Battlestar Galactica - A Measure of Salvation

Click for larger imageWhen the opening of this episode began with a warning about violent content and mature themes, I knew we were in for more than just the usual violence and adult themes that run through this series.

And I wasn't disappointed.

We left the last episode, Torn, with Athena(Sharon) and her co-pilot bugging out of the lion's head nebula where they had discovered a Cylon baseship. This episode opens with Athena's return, along with Apollo and a reconnaissance team. In a scene eerily reminiscent of a deep-sea submersible diving on a shipwreck, the Galactica scout ship gingerly picks its way through dark and drifting Cylon raiders to the baseship. The tension as the team moved through the baseship was palatable, ratcheting up as they discovered dead Cylon skinjobs. We, the audience, know what they've walked into and yet the scene of Athena submerging her hand into the now coagulating goo of the baseship interface and discovering plague still was a white-knuckle moment.

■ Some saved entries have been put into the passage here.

Lemma cbd_eq g h : (forall x, ap g x = ap h x) -> g = h.
Proof.
  case: g h => [g pg] [h ph] /= gh.
  have e : g = h := functional_extensionality _ _ gh.
  by subst h; rewrite (proof_irrelevance _ pg ph).
Qed.

Definition cst (c : K) : Cbd op abs.
Proof.
  exists (fun _ => c); apply: cbd_local; last by exists (abs c) => _; lra.
  move=> x rho rho0; exists (fun _ => True); split; first exact: (proj1 hop).
  by split=> // y _; rewrite (dist_self hK).
Defined.

Lemma cmul_cbd f g : is_cbd op abs (fun x => ap f x * ap g x)%ring.
Proof.
  have [Bf [Bf0 fB]] := cbd_bound f; have [Bg [Bg0 gB]] := cbd_bound g.
  apply: cbd_local; last first.
  { exists (Bf * Bg) => x; rewrite (absM hK).
    by apply: Rmult_le_compat; auto using abs_ge0. }
  move=> x rho rho0; pose B := Bf + Bg; pose d := rho / B.
  have d0 : 0 < d by apply: Rdiv_lt_0_compat; rewrite /B; lra.
  have dB : d * B = rho by rewrite /d; field; rewrite /B; lra.
  exists (fun y => abs_dist abs (ap f y) (ap f x) < d /\ abs_dist abs (ap g y) (ap g x) < d).
  split; first by apply: (open_and hop); apply: cbd_ball.
  split; first by rewrite !(dist_self hK).
  move=> y [dfy dgy]; apply: Rle_lt_trans (dist_mul hK _ _ _ _) _.
  have := dist_ge0 hK (ap f y) (ap f x); have := dist_ge0 hK (ap g y) (ap g x).
  have := fB y; have := gB x; rewrite /B in dB => *.
  apply: Rmax_lub_lt; nra.
Qed.

Definition cmul f g : Cbd op abs := exist _ _ (cmul_cbd f g).

Definition level_clopen (h : X -> R) : Prop :=
  forall r, 0 < r -> clopen op (fun x => h x < r).

Lemma level_clopen_ge (h : X -> R) r : level_clopen h -> 0 < r -> clopen op (fun x => r <= h x).
Proof.
  move=> lc r0; apply: clopen_ext (clopen_not (lc r r0)) _ => x.
  by split; [apply: Rnot_lt_le | apply: Rle_not_lt].
Qed.

(** For an ultrametric absolute value, |g| is locally constant where it is nonzero. *)
Lemma abs_level_clopen g : level_clopen (fun x => abs (ap g x)).
Proof.
  move=> r r0; split.
  { by apply: open_ext (cbd_ball g 0 r0) _ => x; rewrite dist_0. }
  apply: (open_local hop) => x gx_r.
  exists (fun y => abs_dist abs (ap g y) (ap g x) < r); split; first exact: cbd_ball.
  split=> [|y close]; first by rewrite (dist_self hK).
  by rewrite (abs_eq_of_close hK (b := ap g x)); lra.
Qed.

Definition is_indicator (h : X -> K) (U : X -> Prop) : Prop :=
  forall x, (U x -> h x = 1%ring) /\ (~ U x -> h x = 0%ring).

Lemma indicator_exists U : clopen op U -> exists h, is_indicator (ap h) U.
Proof.
  move=> [oU cU].
  pose ind x := if excluded_middle_informative (U x) then 1%ring else 0%ring : K.
  have ind_U : is_indicator ind U.
  { by move=> x; rewrite /ind; case: excluded_middle_informative. }
  suff ind_cbd : is_cbd op abs ind by exists (exist _ _ ind_cbd).
  apply: cbd_local; last first.
  { exists 1 => x; case: (classic (U x)) => Ux.
    - by rewrite (proj1 (ind_U x) Ux) (abs1 hK); lra.
    - by rewrite (proj2 (ind_U x) Ux) (abs0 hK); lra. }
  move=> x rho rho0; case: (classic (U x)) => Ux.
  - exists U; do 2 split=> //; move=> y Uy.
    by rewrite (proj1 (ind_U y) Uy) (proj1 (ind_U x) Ux) (dist_self hK).
  - exists (fun x => ~ U x); do 2 split=> //; move=> y nUy.
    by rewrite (proj2 (ind_U y) nUy) (proj2 (ind_U x) Ux) (dist_self hK).
Qed.

Lemma indicator_clopen h U : is_indicator (ap h) U -> clopen op U.
Proof.
  move=> hU; split.
  - apply: open_ext (cbd_ball h 1 Rlt_0_1) _ => x; split=> [close|Ux].
    + apply: NNPP => nUx; move: close.
      by rewrite (proj2 (hU x) nUx) (dist_sym hK) dist_0 (abs1 hK); lra.
    + by rewrite (proj1 (hU x) Ux) (dist_self hK); lra.
  - apply: open_ext (cbd_ball h 0 Rlt_0_1) _ => x; split=> [small Ux|nUx].
    + by move: small; rewrite (proj1 (hU x) Ux) dist_0 (abs1 hK); lra.
    + by rewrite (proj2 (hU x) nUx) (dist_self hK); lra.
Qed.

(** The truncated inverse of g: g(x)^-1 where r <= |g x| and 0 elsewhere.  It is
    continuous because |g| is locally constant on the clopen set {r <= |g|}. *)
Definition trunc_inv g (r : R) (x : X) : K :=
  if excluded_middle_informative (r <= abs (ap g x)) then ((ap g x)^-1)%ring else 0%ring.

Lemma trunc_inv_nz g r x : 0 < r -> r <= abs (ap g x) -> ap g x <> 0%ring.
Proof. by move=> r0 gx_r gx0; move: gx_r; rewrite gx0 (abs0 hK); lra. Qed.

Lemma abs_trunc_inv g r x : 0 < r -> abs (trunc_inv g r x) <= / r.
Proof.
  move=> r0; rewrite /trunc_inv; case: excluded_middle_informative => gx_r.
  - by rewrite (absV hK (trunc_inv_nz r0 gx_r)); apply: Rinv_le_contravar.
  - by rewrite (abs0 hK); apply/Rlt_le/Rinv_0_lt_compat.
Qed.

Lemma trunc_inv_indicator g r : 0 < r ->
  is_indicator (fun x => ap g x * trunc_inv g r x)%ring (fun x => r <= abs (ap g x)).
Proof.
  move=> r0 x; rewrite /trunc_inv; case: excluded_middle_informative => gx_r; split=> //.
  - by move=> _; apply: mulfV; apply/eqP; exact: trunc_inv_nz gx_r.
  - by move=> _; rewrite mulr0.
Qed.

Lemma trunc_inv_cbd g r : 0 < r -> is_cbd op abs (trunc_inv g r).
Proof.
  move=> r0; apply: cbd_local; last by exists (/ r) => x; exact: abs_trunc_inv.
  move=> x rho rho0; rewrite /trunc_inv.
  case: excluded_middle_informative => gx_r; last first.
  { exists (fun y => abs (ap g y) < r); split; first exact: (proj1 (abs_level_clopen g r0)).
    split=> [|y gy_r]; first lra.
    by case: excluded_middle_informative => ?; [lra | rewrite (dist_self hK)]. }
  pose a := abs (ap g x); have a0 : 0 < a by rewrite /a; lra.
  pose d := Rmin a (rho * (a * a)).
  have d0 : 0 < d by apply: Rmin_pos => //; apply: Rmult_lt_0_compat => //; nra.
  exists (fun y => abs_dist abs (ap g y) (ap g x) < d).
  split; first exact: cbd_ball.
  split=> [|y close]; first by rewrite (dist_self hK).
  have gy_a : abs (ap g y) = a.
  { by apply: (abs_eq_of_close hK); have := Rmin_l a (rho * (a * a)); rewrite -/d -/a; lra. }
  case: excluded_middle_informative => gy_r; last by case: gy_r; rewrite gy_a.
  rewrite (dist_inv hK (trunc_inv_nz r0 gy_r) (trunc_inv_nz r0 gx_r)) gy_a -/a.
  have := Rmin_r a (rho * (a * a)); rewrite -/d => d_le.
  apply: (Rmult_lt_reg_r (a * a)); first nra.
  by rewrite /Rdiv Rmult_assoc Rinv_l; nra.
Qed.

Definition cinv g r (r0 : 0 < r) : Cbd op abs := exist _ _ (trunc_inv_cbd g r0).
End BoundedContinuous.

Lemma bsc_eq X (op : (X -> Prop) -> Prop) (K : fieldType) (abs : K -> R) (s t : BSC op abs) :
  (forall f, ap s f = ap t f) -> s = t.
Proof.
  case: s t => [s ps] [t pt] /= st.
  have e : s = t := functional_extensionality _ _ st.
  by subst t; rewrite (proof_irrelevance _ ps pt).
Qed.

Definition strip X (op : (X -> Prop) -> Prop) (K : fieldType) (abs : K -> R)
    (t : BSC op abs) (p : Cbd op abs * R * R) : Prop :=
  let '(f, a, b) := p in a < ap t f < b.

Section ClopenUltrafilter.
Variables (X : Type) (op : (X -> Prop) -> Prop).
Hypothesis hop : is_topology op.
Variables (K : fieldType) (abs : K -> R).
Hypothesis hK : is_nonarch_abs abs.
Variable s : BSC op abs.

Implicit Types (f g h : Cbd op abs) (U V : X -> Prop).

Lemma bsc_ge0 f : 0 <= ap s f.
Proof. exact: (proj1 (proj2_sig s) f). Qed.
Lemma bsc_add f g h : (forall x, ap h x = ap f x + ap g x)%ring -> ap s h <= ap s f + ap s g.
Proof. exact: (proj1 (proj2 (proj2_sig s)) f g h). Qed.
Lemma bsc_mul f g h : (forall x, ap h x = ap f x * ap g x)%ring -> ap s h = ap s f * ap s g.
Proof. exact: (proj1 (proj2 (proj2 (proj2_sig s))) f g h). Qed.
Lemma bsc_cst c h : (forall x, ap h x = c) -> ap s h = abs c.
Proof. exact: (proj1 (proj2 (proj2 (proj2 (proj2_sig s)))) c h). Qed.
Lemma bsc_bnd h B : (forall x, abs (ap h x) <= B) -> ap s h <= B.
Proof. exact: (proj2 (proj2 (proj2 (proj2 (proj2_sig s)))) h B). Qed.

Definition ufilter U : Prop := exists h, is_indicator (ap h) U /\ ap s h = 1.

Lemma indicator_unique g h U : is_indicator (ap g) U -> is_indicator (ap h) U -> g = h.
Proof.
  move=> gU hU; apply: cbd_eq => x; case: (classic (U x)) => Ux.
  - by rewrite (proj1 (gU x) Ux) (proj1 (hU x) Ux).
  - by rewrite (proj2 (gU x) Ux) (proj2 (hU x) Ux).
Qed.

(** An indicator is idempotent, so its norm is 0 or 1. *)
Lemma indicator_01 h U : is_indicator (ap h) U -> ap s h = 0 \/ ap s h = 1.
Proof.
  move=> hU; have idem : ap s h = ap s h * ap s h.
  { apply: bsc_mul => x; case: (classic (U x)) => Ux.
    - by rewrite (proj1 (hU x) Ux) mulr1.
    - by rewrite (proj2 (hU x) Ux) mulr0. }
  have : ap s h * (ap s h - 1) = 0 by lra.
  by case/Rmult_integral; lra.
Qed.

Lemma ufilter_indicator h U : ufilter U -> is_indicator (ap h) U -> ap s h = 1.
Proof. by move=> [g [gU sg]] hU; rewrite -(indicator_unique gU hU). Qed.

Lemma ufilter_clopen U : ufilter U -> clopen op U.
Proof. by move=> [h [hU _]]; exact: indicator_clopen hU. Qed.

Lemma ufilter_nonempty U : ufilter U -> exists x, U x.
Proof.
  move=> [h [hU sh]]; apply: NNPP => empty.
  suff : ap s h = 0 by lra.
  rewrite (@bsc_cst 0%ring) ?(abs0 hK) // => x.
  by apply: (proj2 (hU x)) => Ux; apply: empty; exists x.
Qed.

Lemma ufilter_True : ufilter (fun _ => True).
Proof.
  exists (cst hop hK 1%ring); split=> [x|]; first by split.
  by rewrite (@bsc_cst 1%ring) // (abs1 hK).
Qed.

Lemma ufilter_and U V : ufilter U -> ufilter V -> ufilter (fun x => U x /\ V x).
Proof.
  move=> uU uV; have [h hUV] := indicator_exists hop hK
    (clopen_and hop (ufilter_clopen uU) (ufilter_clopen uV)).
  have [[g [gU sg]] [k [kV sk]]] := (uU, uV).
  exists h; split=> //; rewrite (@bsc_mul g k h) ?sg ?sk ?Rmult_1_r // => x.
  case: (classic (U x)) => Ux; case: (classic (V x)) => Vx.
  - by rewrite (proj1 (hUV x)) // (proj1 (gU x)) // (proj1 (kV x)) // mulr1.
  - by rewrite (proj2 (hUV x)) ?(proj2 (kV x)) ?mulr0 //; case.
  - by rewrite (proj2 (hUV x)) ?(proj2 (gU x)) ?mul0r //; case.
  - by rewrite (proj2 (hUV x)) ?(proj2 (gU x)) ?mul0r //; case.
Qed.

Lemma ufilter_mono U V : ufilter U -> (forall x, U x -> V x) -> clopen op V -> ufilter V.
Proof.
  move=> [g [gU sg]] UV cV; have [h hV] := indicator_exists hop hK cV.
  exists h; split=> //.
  have : ap s g = ap s g * ap s h.
  { apply: bsc_mul => x; case: (classic (U x)) => Ux.
    - by rewrite (proj1 (gU x) Ux) (proj1 (hV x) (UV x Ux)) mulr1.
    - by rewrite (proj2 (gU x) Ux) mul0r. }
  by rewrite sg; lra.
Qed.

(** Ultrafilter property: since 1 = 1_U + 1_(~U), one of the two has norm 1. *)
Lemma ufilter_dich U : clopen op U -> ufilter U \/ ufilter (fun x => ~ U x).
Proof.
  move=> cU; have [g gU] := indicator_exists hop hK cU.
  have [h hnU] := indicator_exists hop hK (clopen_not cU).
  have sum : 1 <= ap s g + ap s h.
  { rewrite -(abs1 hK) -(@bsc_cst 1%ring (cst hop hK 1%ring)) //.
    apply: bsc_add => x /=; case: (classic (U x)) => Ux.
    - by rewrite (proj1 (gU x) Ux) (proj2 (hnU x)) ?addr0.
    - by rewrite (proj2 (gU x) Ux) (proj1 (hnU x)) ?add0r. }
  case: (indicator_01 gU) => sg; last by left; exists g.
  right; exists h; split=> //; case: (indicator_01 hnU); lra.
Qed.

Apollo is more command assertive then he was in the first or second seasons. When the team realizes that some of the Cylons are not dead, and panic threatens to overwhelm, he is able to keep them from firing. However, Apollo has lost something along the way. His character was always the one that struggled with the moral conundrums -- from questioning the use of prisoners as "slave" labor in Bastille Day to taking Roslin's side against his own father to even shooting in cold blood a criminal kingpin in Blackmarket. Yet, we see Apollo, in an epiphany accompanied with cruel laughter, propose using the plague virus (which humans are immune to) as a biological weapon to wipeout the Cylons.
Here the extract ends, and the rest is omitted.